Stored data entries:
----
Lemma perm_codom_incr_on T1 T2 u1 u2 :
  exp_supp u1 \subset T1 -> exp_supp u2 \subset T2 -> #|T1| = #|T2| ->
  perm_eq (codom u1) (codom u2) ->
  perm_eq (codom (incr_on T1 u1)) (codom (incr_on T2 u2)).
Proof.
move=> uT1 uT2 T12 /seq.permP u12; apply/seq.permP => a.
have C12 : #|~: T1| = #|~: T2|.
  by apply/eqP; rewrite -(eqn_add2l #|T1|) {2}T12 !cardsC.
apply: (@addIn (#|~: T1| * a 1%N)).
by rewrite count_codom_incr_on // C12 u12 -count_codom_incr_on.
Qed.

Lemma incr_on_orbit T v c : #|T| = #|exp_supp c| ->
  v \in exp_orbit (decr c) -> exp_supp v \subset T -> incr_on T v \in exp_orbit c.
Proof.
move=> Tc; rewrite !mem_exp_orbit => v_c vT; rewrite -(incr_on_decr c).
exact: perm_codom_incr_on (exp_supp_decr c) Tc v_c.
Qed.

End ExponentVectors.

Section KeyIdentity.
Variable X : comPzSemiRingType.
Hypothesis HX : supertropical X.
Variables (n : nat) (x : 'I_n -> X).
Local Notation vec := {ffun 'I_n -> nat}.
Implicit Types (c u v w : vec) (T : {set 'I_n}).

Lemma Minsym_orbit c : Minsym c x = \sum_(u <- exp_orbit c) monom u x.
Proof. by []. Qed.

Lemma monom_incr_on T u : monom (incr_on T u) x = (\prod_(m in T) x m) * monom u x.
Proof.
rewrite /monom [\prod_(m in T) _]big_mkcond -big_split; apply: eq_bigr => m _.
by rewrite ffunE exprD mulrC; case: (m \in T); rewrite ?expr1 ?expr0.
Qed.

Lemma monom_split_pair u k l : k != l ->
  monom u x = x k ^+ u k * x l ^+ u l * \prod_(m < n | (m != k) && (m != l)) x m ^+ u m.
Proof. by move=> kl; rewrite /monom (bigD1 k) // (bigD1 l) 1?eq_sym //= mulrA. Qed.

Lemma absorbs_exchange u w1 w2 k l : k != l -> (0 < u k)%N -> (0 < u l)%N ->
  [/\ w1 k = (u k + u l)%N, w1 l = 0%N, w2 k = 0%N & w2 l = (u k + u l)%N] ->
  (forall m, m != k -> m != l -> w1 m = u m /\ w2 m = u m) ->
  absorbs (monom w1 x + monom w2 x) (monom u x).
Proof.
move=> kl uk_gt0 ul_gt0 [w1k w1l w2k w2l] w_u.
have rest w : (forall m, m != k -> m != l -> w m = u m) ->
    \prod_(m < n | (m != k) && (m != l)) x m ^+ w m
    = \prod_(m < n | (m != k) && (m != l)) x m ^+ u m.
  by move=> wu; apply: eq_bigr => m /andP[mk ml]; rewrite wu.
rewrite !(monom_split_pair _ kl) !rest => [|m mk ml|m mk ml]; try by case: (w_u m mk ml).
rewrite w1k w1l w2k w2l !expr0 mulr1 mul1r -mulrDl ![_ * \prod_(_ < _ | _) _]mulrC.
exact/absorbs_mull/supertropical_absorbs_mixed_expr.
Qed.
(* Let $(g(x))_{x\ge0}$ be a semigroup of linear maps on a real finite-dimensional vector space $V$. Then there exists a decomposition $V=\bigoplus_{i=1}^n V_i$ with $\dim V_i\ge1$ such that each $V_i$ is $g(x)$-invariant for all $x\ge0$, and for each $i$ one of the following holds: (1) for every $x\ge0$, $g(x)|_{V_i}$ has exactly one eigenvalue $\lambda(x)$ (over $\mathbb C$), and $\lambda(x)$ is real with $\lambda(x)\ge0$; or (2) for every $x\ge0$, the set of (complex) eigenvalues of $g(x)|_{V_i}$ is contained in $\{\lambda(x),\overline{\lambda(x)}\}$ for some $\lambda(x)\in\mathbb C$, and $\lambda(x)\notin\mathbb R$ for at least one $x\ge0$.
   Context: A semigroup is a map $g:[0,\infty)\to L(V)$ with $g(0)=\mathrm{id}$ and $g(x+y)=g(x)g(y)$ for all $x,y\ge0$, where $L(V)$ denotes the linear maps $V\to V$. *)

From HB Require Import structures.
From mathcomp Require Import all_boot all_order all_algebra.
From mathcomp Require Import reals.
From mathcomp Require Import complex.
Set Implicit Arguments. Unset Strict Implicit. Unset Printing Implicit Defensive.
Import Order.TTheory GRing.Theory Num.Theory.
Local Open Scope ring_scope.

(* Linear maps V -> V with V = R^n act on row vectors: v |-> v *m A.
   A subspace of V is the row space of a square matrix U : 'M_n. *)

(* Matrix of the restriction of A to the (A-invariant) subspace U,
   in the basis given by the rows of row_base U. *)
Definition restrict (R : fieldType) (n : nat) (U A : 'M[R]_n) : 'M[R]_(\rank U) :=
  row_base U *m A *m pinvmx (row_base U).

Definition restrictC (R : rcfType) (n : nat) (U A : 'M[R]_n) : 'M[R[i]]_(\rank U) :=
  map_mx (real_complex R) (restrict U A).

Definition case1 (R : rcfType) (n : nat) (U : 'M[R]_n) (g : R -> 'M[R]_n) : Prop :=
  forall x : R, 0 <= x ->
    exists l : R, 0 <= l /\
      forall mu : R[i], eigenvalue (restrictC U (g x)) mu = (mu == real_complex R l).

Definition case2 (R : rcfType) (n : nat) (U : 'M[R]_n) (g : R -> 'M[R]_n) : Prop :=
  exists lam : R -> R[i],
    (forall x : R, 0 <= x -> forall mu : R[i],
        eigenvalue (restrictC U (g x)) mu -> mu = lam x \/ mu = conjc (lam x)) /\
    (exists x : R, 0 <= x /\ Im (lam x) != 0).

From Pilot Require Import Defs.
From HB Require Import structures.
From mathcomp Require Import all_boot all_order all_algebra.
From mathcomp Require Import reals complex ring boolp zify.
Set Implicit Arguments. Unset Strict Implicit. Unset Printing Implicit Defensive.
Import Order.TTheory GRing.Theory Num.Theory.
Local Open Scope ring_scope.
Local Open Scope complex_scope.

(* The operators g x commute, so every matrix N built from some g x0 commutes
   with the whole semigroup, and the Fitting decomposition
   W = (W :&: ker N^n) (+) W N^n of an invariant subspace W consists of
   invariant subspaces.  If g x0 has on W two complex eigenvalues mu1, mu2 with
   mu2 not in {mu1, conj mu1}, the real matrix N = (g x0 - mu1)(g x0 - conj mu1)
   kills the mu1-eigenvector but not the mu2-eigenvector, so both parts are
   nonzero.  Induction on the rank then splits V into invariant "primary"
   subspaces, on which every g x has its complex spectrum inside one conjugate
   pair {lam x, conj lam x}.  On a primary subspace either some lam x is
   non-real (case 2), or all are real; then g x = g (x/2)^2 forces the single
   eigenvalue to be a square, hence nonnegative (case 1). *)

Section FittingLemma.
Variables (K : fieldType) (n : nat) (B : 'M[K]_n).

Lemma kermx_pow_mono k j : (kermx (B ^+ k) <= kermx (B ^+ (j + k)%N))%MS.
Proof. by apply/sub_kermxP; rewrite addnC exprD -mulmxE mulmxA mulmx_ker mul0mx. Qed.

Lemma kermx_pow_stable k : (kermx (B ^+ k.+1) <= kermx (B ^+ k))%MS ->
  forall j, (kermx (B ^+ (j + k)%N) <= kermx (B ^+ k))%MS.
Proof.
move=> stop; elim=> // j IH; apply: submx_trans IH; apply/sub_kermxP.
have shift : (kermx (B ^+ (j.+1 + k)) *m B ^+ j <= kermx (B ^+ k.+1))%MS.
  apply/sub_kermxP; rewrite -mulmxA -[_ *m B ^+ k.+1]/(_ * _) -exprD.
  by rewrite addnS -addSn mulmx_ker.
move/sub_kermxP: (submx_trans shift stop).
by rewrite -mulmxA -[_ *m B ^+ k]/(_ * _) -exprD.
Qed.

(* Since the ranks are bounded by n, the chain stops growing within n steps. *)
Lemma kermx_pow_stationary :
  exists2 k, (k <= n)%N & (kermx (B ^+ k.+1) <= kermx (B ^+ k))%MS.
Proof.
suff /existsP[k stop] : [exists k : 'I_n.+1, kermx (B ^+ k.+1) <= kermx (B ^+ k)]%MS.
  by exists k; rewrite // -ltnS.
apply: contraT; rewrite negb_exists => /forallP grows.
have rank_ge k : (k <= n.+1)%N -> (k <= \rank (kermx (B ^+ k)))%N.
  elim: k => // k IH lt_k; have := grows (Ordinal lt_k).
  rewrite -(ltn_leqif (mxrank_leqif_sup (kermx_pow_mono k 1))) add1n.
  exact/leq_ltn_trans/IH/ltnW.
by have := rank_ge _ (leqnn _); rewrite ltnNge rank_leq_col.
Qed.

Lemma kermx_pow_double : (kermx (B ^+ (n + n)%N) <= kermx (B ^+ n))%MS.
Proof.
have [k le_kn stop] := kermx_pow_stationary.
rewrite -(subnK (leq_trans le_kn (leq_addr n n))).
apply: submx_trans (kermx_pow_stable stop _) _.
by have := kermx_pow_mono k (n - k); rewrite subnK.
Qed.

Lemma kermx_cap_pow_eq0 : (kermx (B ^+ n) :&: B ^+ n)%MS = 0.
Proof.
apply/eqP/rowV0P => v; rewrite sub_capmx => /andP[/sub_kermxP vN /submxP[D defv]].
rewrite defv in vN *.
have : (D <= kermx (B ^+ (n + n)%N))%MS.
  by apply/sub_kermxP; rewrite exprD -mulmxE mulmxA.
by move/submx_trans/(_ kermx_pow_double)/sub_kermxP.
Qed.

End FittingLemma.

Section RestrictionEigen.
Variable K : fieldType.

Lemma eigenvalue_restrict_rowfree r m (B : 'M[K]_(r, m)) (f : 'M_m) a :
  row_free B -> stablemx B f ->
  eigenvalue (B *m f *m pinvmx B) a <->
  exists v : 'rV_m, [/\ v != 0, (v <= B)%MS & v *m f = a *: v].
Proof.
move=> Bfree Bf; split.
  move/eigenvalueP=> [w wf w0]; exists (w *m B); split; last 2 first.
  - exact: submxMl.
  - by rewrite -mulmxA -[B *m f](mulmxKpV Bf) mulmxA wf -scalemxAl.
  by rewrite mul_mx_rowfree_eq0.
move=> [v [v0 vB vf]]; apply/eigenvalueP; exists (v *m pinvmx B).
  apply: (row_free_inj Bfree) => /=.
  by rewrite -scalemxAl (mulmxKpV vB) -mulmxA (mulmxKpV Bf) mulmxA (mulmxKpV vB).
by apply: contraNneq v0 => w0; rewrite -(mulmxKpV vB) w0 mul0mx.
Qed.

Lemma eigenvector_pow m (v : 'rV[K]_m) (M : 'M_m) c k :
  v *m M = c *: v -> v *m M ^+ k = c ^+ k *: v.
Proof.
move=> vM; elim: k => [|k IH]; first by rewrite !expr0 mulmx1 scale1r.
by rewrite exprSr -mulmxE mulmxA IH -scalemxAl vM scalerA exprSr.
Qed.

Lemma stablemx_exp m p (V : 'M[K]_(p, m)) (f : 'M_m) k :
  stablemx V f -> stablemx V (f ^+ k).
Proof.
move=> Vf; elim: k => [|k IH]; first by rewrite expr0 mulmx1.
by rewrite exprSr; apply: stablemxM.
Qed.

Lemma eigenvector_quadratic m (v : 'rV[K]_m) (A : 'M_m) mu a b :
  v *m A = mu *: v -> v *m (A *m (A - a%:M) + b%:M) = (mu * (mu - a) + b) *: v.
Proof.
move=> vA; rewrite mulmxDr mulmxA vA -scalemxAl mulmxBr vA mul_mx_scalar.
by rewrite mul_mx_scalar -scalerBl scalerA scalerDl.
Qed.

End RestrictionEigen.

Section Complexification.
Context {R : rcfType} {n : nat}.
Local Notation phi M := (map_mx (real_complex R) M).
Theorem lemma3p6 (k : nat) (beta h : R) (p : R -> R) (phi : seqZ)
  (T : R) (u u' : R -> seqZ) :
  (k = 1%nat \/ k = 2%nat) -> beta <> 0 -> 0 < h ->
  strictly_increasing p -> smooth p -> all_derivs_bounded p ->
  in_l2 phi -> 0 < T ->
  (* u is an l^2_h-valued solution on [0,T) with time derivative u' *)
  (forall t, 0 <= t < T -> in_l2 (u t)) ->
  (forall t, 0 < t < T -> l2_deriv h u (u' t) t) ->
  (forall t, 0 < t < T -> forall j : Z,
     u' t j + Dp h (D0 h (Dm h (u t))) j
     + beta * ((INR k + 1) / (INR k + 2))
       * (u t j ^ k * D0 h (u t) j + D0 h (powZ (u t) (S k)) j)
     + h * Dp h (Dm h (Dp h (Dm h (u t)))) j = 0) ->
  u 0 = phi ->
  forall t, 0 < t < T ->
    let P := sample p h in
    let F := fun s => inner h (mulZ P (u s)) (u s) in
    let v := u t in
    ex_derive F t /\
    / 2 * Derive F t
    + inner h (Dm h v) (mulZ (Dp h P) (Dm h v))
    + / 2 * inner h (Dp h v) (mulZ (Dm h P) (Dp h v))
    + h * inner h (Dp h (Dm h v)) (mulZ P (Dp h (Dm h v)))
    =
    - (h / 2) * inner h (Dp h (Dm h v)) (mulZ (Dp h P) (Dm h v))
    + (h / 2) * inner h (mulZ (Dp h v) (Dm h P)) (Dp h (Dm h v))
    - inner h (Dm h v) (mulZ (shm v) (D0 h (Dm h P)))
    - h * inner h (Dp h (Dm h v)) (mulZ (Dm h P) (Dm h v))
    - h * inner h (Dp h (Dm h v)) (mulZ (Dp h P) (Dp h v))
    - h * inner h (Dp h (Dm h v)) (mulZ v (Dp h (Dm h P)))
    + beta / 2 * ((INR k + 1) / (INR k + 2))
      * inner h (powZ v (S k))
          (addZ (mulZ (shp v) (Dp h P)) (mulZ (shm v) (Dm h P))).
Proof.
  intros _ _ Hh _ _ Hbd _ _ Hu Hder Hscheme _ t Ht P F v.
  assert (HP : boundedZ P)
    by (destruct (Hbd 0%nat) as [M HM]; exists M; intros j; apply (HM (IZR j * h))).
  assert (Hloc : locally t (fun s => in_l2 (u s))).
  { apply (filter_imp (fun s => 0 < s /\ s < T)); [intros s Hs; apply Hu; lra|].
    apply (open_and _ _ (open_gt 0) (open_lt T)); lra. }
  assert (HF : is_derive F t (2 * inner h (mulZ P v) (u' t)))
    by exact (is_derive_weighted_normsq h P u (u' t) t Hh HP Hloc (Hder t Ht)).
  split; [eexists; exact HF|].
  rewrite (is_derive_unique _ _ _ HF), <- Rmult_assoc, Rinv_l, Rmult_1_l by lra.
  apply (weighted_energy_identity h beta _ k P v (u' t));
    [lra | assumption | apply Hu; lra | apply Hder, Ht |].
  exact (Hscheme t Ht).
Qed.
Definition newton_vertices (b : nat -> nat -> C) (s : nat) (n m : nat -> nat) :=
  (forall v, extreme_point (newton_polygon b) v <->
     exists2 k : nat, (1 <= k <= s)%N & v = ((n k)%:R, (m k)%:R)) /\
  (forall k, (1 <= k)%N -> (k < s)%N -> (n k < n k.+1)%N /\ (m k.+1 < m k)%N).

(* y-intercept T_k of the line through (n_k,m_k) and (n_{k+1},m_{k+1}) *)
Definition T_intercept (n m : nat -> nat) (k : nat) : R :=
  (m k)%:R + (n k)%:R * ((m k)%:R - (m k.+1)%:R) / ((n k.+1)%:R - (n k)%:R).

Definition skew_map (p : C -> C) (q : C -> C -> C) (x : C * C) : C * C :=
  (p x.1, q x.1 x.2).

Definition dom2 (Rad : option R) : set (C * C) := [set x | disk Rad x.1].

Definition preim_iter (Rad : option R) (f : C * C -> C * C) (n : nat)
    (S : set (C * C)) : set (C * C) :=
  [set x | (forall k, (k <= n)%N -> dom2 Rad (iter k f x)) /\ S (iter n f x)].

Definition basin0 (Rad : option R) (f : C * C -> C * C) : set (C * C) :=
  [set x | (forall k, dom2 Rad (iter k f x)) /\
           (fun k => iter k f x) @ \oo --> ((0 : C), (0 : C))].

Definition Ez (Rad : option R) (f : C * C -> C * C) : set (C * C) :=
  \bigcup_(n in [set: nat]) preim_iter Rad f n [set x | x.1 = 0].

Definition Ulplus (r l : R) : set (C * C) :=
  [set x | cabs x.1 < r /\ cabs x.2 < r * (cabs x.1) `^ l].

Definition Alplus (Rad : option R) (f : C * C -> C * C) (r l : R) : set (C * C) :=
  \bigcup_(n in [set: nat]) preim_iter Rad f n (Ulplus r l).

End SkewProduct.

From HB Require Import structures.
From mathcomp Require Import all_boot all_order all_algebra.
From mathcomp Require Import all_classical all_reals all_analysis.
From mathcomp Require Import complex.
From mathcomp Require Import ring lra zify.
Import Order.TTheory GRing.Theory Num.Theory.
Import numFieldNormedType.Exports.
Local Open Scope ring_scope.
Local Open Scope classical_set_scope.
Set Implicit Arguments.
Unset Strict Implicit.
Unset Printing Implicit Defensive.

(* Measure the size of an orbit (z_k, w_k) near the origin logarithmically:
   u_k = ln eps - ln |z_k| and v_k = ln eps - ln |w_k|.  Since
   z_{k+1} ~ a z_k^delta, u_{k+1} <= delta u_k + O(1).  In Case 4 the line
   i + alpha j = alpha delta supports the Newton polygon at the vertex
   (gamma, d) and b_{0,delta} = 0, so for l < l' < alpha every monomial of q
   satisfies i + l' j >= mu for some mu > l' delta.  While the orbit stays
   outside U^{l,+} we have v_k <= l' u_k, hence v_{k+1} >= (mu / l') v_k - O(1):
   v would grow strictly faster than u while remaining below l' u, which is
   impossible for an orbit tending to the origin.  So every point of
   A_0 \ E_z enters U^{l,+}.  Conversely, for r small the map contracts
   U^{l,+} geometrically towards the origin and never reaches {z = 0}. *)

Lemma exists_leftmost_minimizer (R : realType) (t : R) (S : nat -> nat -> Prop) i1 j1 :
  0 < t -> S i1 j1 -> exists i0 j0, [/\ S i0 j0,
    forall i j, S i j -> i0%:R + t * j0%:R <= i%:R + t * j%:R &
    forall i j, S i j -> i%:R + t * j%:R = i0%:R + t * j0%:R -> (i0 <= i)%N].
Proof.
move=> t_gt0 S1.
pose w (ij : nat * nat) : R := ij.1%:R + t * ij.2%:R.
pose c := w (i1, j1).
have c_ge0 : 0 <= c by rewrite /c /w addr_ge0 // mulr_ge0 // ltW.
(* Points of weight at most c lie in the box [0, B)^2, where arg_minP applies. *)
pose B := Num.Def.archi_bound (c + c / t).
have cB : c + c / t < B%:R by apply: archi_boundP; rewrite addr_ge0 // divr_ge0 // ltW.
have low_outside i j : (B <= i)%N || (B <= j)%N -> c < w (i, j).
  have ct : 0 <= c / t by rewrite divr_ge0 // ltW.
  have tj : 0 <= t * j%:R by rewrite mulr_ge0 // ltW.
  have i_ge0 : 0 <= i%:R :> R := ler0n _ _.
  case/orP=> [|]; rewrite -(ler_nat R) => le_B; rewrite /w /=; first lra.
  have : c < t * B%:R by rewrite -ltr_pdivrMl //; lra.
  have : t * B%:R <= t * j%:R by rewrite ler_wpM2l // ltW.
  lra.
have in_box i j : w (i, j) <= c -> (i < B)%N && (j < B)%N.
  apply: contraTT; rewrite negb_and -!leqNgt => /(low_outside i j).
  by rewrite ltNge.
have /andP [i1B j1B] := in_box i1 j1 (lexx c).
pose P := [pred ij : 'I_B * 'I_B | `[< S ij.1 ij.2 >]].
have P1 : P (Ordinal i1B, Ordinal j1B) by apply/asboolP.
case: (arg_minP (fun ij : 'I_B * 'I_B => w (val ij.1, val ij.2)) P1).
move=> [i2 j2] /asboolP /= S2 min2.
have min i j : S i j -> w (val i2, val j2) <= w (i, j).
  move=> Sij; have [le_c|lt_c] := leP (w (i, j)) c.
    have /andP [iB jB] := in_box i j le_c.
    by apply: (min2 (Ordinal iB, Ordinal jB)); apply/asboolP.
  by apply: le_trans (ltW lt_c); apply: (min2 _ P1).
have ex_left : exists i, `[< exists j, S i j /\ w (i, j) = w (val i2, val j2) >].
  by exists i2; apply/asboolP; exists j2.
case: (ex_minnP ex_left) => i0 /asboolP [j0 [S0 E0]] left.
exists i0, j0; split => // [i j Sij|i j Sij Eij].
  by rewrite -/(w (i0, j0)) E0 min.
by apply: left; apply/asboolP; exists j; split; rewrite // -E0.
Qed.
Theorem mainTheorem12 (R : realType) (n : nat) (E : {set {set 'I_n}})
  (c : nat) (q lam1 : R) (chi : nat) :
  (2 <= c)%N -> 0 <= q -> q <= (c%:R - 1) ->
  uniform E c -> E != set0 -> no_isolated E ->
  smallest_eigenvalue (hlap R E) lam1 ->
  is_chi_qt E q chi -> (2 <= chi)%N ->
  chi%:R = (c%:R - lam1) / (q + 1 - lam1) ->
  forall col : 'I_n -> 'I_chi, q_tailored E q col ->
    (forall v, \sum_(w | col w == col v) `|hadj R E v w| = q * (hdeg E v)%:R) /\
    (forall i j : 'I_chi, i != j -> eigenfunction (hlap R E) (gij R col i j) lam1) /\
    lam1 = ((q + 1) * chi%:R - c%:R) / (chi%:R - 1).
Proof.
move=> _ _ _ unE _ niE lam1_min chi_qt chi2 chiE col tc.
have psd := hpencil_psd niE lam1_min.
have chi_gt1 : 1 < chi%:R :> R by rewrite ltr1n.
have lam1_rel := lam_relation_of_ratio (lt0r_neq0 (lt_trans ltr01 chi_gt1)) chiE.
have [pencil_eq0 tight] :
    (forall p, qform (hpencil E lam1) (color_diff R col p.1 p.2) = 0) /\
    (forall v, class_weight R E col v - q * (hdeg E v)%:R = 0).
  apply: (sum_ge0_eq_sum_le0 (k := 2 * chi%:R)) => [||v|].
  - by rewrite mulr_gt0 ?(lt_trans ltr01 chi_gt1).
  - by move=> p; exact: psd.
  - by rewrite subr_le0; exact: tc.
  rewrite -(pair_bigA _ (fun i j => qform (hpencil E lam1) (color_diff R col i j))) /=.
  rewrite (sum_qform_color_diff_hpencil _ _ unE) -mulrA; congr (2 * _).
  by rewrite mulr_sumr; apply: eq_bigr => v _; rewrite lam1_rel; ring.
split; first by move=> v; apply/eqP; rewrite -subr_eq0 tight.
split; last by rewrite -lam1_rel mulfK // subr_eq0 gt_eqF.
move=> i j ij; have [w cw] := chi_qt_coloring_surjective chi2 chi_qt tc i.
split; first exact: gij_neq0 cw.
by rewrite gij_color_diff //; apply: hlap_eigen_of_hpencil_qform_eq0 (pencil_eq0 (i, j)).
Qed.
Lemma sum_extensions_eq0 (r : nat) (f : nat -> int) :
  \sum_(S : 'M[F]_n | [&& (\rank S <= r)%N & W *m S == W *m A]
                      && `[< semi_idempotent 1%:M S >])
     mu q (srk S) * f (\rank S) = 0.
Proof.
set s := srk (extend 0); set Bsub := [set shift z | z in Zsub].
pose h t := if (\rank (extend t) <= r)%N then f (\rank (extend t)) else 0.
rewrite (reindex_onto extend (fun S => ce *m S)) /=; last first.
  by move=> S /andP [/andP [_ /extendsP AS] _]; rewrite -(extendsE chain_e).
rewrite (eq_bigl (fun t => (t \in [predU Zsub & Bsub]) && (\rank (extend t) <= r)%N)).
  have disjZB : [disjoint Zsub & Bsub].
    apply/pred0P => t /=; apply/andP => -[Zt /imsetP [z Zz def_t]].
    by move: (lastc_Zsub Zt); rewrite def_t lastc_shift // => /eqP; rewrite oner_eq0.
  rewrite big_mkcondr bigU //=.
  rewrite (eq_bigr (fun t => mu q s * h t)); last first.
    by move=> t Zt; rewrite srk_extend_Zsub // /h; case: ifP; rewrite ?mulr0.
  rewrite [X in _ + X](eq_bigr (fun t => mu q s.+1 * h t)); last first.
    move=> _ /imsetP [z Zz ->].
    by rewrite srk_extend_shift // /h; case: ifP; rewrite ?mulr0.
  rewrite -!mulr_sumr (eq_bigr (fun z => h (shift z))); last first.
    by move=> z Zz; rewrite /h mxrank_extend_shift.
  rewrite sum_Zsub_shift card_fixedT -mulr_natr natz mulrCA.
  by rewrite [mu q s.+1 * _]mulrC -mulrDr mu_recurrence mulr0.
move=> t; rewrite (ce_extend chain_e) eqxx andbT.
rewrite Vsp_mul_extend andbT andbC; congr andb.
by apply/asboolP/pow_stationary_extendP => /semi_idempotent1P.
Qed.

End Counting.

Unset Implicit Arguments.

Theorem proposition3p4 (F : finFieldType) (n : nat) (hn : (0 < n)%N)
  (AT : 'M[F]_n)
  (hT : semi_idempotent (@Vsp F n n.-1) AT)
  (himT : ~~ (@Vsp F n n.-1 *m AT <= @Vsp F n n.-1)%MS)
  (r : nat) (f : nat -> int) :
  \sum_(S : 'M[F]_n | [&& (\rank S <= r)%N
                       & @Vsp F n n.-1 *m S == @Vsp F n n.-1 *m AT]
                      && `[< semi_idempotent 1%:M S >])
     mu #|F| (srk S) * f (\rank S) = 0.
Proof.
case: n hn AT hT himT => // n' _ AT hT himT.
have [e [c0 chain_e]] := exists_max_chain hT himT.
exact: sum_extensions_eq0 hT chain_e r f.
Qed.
----
• Instructions to follow: Copy out all lines from the records where the word "Implicit" appears.

• Answer to the problem:
Implicit Types (c u v w : vec) (T : {set 'I_n}).
Set Implicit Arguments. Unset Strict Implicit. Unset Printing Implicit Defensive.
Set Implicit Arguments. Unset Strict Implicit. Unset Printing Implicit Defensive.
Set Implicit Arguments.
Unset Strict Implicit.
Unset Printing Implicit Defensive.
Unset Implicit Arguments.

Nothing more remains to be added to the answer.